>>>

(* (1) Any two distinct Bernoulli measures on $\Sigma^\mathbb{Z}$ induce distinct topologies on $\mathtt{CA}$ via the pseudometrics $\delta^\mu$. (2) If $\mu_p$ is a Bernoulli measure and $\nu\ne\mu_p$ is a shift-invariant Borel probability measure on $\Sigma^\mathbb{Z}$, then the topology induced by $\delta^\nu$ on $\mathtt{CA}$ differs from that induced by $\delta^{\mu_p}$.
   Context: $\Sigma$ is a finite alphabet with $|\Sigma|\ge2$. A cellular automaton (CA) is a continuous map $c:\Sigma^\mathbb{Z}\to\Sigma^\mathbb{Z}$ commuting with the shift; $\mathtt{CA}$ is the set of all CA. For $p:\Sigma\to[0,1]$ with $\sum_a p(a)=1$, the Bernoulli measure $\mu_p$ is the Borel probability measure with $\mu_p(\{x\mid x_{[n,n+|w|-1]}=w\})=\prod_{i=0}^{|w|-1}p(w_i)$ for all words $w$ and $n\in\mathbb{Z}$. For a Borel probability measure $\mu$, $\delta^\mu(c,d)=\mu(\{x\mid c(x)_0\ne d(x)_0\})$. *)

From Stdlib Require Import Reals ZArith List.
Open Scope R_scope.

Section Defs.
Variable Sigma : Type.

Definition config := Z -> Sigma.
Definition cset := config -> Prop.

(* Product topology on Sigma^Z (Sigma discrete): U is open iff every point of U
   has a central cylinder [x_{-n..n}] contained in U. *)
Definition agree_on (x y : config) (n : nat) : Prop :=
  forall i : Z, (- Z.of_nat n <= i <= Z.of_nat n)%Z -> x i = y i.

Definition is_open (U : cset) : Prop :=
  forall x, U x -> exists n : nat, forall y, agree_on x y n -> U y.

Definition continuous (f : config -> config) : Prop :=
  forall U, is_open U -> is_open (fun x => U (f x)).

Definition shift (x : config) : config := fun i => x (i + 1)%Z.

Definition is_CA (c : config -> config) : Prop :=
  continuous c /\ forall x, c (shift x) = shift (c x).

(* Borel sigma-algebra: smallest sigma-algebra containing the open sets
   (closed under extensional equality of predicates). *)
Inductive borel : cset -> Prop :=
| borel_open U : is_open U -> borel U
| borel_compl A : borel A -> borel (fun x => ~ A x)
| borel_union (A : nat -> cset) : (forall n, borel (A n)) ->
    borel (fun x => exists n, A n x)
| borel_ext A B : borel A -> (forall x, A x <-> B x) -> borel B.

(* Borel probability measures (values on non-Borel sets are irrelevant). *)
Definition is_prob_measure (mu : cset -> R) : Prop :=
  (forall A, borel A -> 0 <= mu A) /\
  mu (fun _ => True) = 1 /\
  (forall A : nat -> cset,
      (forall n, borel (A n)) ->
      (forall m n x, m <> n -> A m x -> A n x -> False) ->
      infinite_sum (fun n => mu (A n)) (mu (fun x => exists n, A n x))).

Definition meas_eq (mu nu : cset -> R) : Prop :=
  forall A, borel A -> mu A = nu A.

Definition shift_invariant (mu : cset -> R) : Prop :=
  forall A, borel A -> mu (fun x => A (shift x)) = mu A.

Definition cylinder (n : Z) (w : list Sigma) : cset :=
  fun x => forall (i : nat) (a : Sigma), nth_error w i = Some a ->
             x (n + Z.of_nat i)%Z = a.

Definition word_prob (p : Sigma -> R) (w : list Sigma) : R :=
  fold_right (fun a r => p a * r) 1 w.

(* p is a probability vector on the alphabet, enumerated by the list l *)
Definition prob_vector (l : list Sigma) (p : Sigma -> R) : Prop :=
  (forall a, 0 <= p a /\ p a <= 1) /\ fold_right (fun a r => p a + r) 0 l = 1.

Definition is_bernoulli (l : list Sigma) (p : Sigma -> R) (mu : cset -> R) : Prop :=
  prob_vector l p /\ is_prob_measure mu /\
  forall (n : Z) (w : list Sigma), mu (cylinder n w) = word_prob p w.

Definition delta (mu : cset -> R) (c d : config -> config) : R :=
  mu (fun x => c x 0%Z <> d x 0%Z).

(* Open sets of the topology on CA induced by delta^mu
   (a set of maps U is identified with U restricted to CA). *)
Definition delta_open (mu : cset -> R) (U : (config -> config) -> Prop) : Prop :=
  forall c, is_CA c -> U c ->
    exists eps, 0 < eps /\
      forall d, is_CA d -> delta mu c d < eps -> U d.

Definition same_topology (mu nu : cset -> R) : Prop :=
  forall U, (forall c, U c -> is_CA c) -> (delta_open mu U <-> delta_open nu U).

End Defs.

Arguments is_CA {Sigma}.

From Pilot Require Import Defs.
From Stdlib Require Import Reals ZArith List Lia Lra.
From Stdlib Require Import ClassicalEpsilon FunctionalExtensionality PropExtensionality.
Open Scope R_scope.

<<<

EXERCISE AIM:
When a line among the entries contains "with", pull that line out.

TASK OUTPUT:
   Context: $\Sigma$ is a finite alphabet with $|\Sigma|\ge2$. A cellular automaton (CA) is a continuous map $c:\Sigma^\mathbb{Z}\to\Sigma^\mathbb{Z}$ commuting with the shift; $\mathtt{CA}$ is the set of all CA. For $p:\Sigma\to[0,1]$ with $\sum_a p(a)=1$, the Bernoulli measure $\mu_p$ is the Borel probability measure with $\mu_p(\{x\mid x_{[n,n+|w|-1]}=w\})=\prod_{i=0}^{|w|-1}p(w_i)$ for all words $w$ and $n\in\mathbb{Z}$. For a Borel probability measure $\mu$, $\delta^\mu(c,d)=\mu(\{x\mid c(x)_0\ne d(x)_0\})$. *)
   (a set of maps U is identified with U restricted to CA). *)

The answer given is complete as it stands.